Monday, November 29, 2010
What I Don't Get about the new Black Eyed Peas joint
What the hell are these guys thinking? They try to market themselves as the most "innovative" and "cutting edge" band in the world. Meanwhile, they BLATANTLY STOLE the hook of this new single from "Dirty Dancing" bucking the trend Jay-Z started last year of hip-hop people straight up jacking hooks from popular 80s songs and stealing all shot of the original artists retaining any creative rights. Good luck finding a search for "Forever Young" that doesn't have Jay-Z's name come up somewhere.

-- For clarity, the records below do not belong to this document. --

Lemma fair_dominatingP A : reflect (fair_dominating e A) (fdm (bits A)).
Proof.
have zipE : zip (bits A) adjacency = [seq (v \in A, bits (nbhd e v)) | v <- s].
  exact: zip_map.
rewrite /fair_dominating_mask zipE filter_map -map_comp; set c := map _ _.
have cE x : x \in c = [exists v in ~: A, #|nbhd e v :&: A| == x].
  apply/mapP/exists_inP => [[v] | [v vA /eqP <-]].
    rewrite mem_filter => /andP [vA _] ->.
    by exists v; rewrite ?inE //= bits_setI count_bits.
  by exists v; rewrite ?mem_filter /= -?in_setC ?vA ?s_full //= bits_setI count_bits.
apply: (iffP andP) => [[k_gt0 /allP all_k] | [k [k_gt0 [_ fair_k]]]].
  have card_k v : v \notin A -> #|nbhd e v :&: A| = head 1 c.
    by move=> vA; apply/eqP/all_k; rewrite cE; apply/exists_inP; exists v; rewrite ?inE.
  exists (head 1 c); do 2!split=> //; move=> v /card_k cardv.
  have /card_gt0P [u] : 0 < #|nbhd e v :&: A| by rewrite cardv.
  by rewrite !inE => /andP [vu uA]; exists u.
have c_k x : x \in c -> x = k by rewrite cE => /exists_inP [v]; rewrite inE => /fair_k -> /eqP.
clear cE; split.
  by case: c c_k => [|x c'] //= c_k; rewrite (c_k x) ?mem_head.
apply/allP => y yc; rewrite /= (c_k y yc); case: c c_k yc => [|x c'] //= c_k _.
by rewrite (c_k x) ?mem_head.
Qed.

Lemma mask_partition_bits P : partition P [set: T] -> mask_partition n (map bits (enum P)).
Proof.
case/and3P => /eqP coverP trivP set0P; apply/and3P; split.
- by rewrite map_inj_uniq ?enum_uniq //; exact: bits_inj.
- apply/allP => _ /mapP [A AP ->]; rewrite size_bits eqxx /=.
  have /set0Pn [v vA] : A != set0 by apply: contraNneq set0P => <-; rewrite -mem_enum.
  by apply/(has_nthP false); exists (index v s); rewrite ?size_bits ?index_lt ?nth_bits.
- apply/allP => k; rewrite mem_iota => /andP [_ /index_onto [v <-]].
  have vP : v \in cover P by rewrite coverP inE.
  have blockE : {in enum P, forall A, nth false (bits A) (index v s) = (A == pblock P v)}.
    move=> A; rewrite mem_enum nth_bits => AP.
    apply/idP/eqP => [vA | ->]; first by rewrite (def_pblock trivP AP vA).
    by rewrite mem_pblock.
  by rewrite count_map (eq_in_count blockE) count_uniq_mem ?enum_uniq // mem_enum pblock_mem.
Qed.

Section FromMasks.
Variable L : seq (seq bool).
Hypothesis L_partition : mask_partition n L.

Lemma partition_unbits : partition [set:: map unbits L] [set: T].
Proof.
apply/and3P; split.
- apply/eqP/setP => v; rewrite inE; apply/bigcupP.
  have [M ML Mv] := mask_partition_cover L_partition (index_lt v).
  by exists (unbits M); rewrite ?inE ?map_f ?in_unbits.
- apply/trivIsetP => A B; rewrite !inE => /mapP [M ML ->] /mapP [N NL ->] neqMN.
  rewrite -setI_eq0; apply/eqP/setP => v; rewrite !inE.
  apply/negbTE/andP => -[Mv Nv].
  by rewrite (mask_partition_disjoint L_partition ML NL Mv Nv) eqxx in neqMN.
- rewrite inE; apply/mapP => -[M ML M0].
  have /(has_nthP false) [k ltk Mk] := mask_partition_has L_partition ML.
  rewrite (mask_partition_size L_partition ML) in ltk; have [v vk] := index_onto ltk.
  by have := in_unbits M v; rewrite -M0 inE vk Mk.
Qed.

Lemma card_unbits : #|[set:: map unbits L]| = size L.
Proof.
have sizeL := mask_partition_size L_partition.
rewrite cardsE (card_uniqP _) ?size_map // map_inj_in_uniq ?(mask_partition_uniq L_partition) //.
by move=> M N ML NL eqMN; rewrite -(bits_unbits (sizeL M ML)) eqMN bits_unbits ?sizeL.
Qed.

End FromMasks.

Section Coalitions.
Variable P : {set {set T}}.
Hypothesis P_partition : partition P [set: T].
Local Notation LP := (map bits (enum P)).

Lemma coalition_okP A : A \in P ->
  reflect ((#|A| = 1 /\ fair_dominating e A) \/
           (~ fair_dominating e A /\ exists2 B, B \in P & B != A /\ fair_coalition e A B))
          (coalition_ok fdm LP (bits A)).
Proof.
move=> AP; have [_ trivP _] := and3P P_partition.
rewrite /coalition_ok count_bits.
apply: (iffP orP) => [[/andP [/eqP cardA /fair_dominatingP fdA] | /andP [nfdA]]|].
- by left.
- move=> /hasP [_ /mapP [B BP ->] /and3P [neqBA /fair_dominatingP nfdB]].
  rewrite bits_setU mem_enum in BP * => /fair_dominatingP fdAB; right.
  have neqAB : B != A by apply: contraNneq neqBA => ->.
  split; first exact/fair_dominatingP.
  exists B => //; split=> //; split; last by split=> //; exact/fair_dominatingP.
  by apply: (trivIsetP trivP); rewrite // eq_sym.
case=> [[cardA /fair_dominatingP fdA] | [nfdA [B BP [neqBA [_ [_ [nfdB fdAB]]]]]]].
  by left; rewrite cardA eqxx.
right; apply/andP; split; first exact/fair_dominatingP.
apply/hasP; exists (bits B); first by rewrite map_f ?mem_enum.
rewrite bits_setU (inj_eq bits_inj) neqBA.
by apply/and3P; split=> //; apply/fair_dominatingP.
Qed.

Lemma fc_partition_masksP : reflect (fc_partition e P) (fc_masks fdm LP).
Proof.
apply: (iffP allP) => [ok_blocks | [_ fcP] _ /mapP [A AP ->]].
  by split=> // A AP; apply/coalition_okP => //; apply: ok_blocks; rewrite map_f ?mem_enum.
by rewrite mem_enum in AP; apply/coalition_okP => //; exact: fcP.
Qed.

End Coalitions.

I double-dare you.
That said, I think the dudes from Dirty Dancing should count their money now, enjoy the newfound wealth, and know they will be forever disassociated with their song, in favor of the Black Eyed Peas. All I can tell you is that if the rest of the record is this lame, half the fans will walk out next year after "I've got a feeling, WOOO-HOOOO, that tonight's gonna be..." ah who am I kidding, you know the rest.
They're trying to rebrand themselves as the most hip and "technological" band of their generation, when meanwhile they're releasing their second rushed out "more of the same" album in 5 years (See "Business, Monkey"). That breaks in line with every music business taboo: I'd say one "more of the same" rushout record per decade should be the tipping point.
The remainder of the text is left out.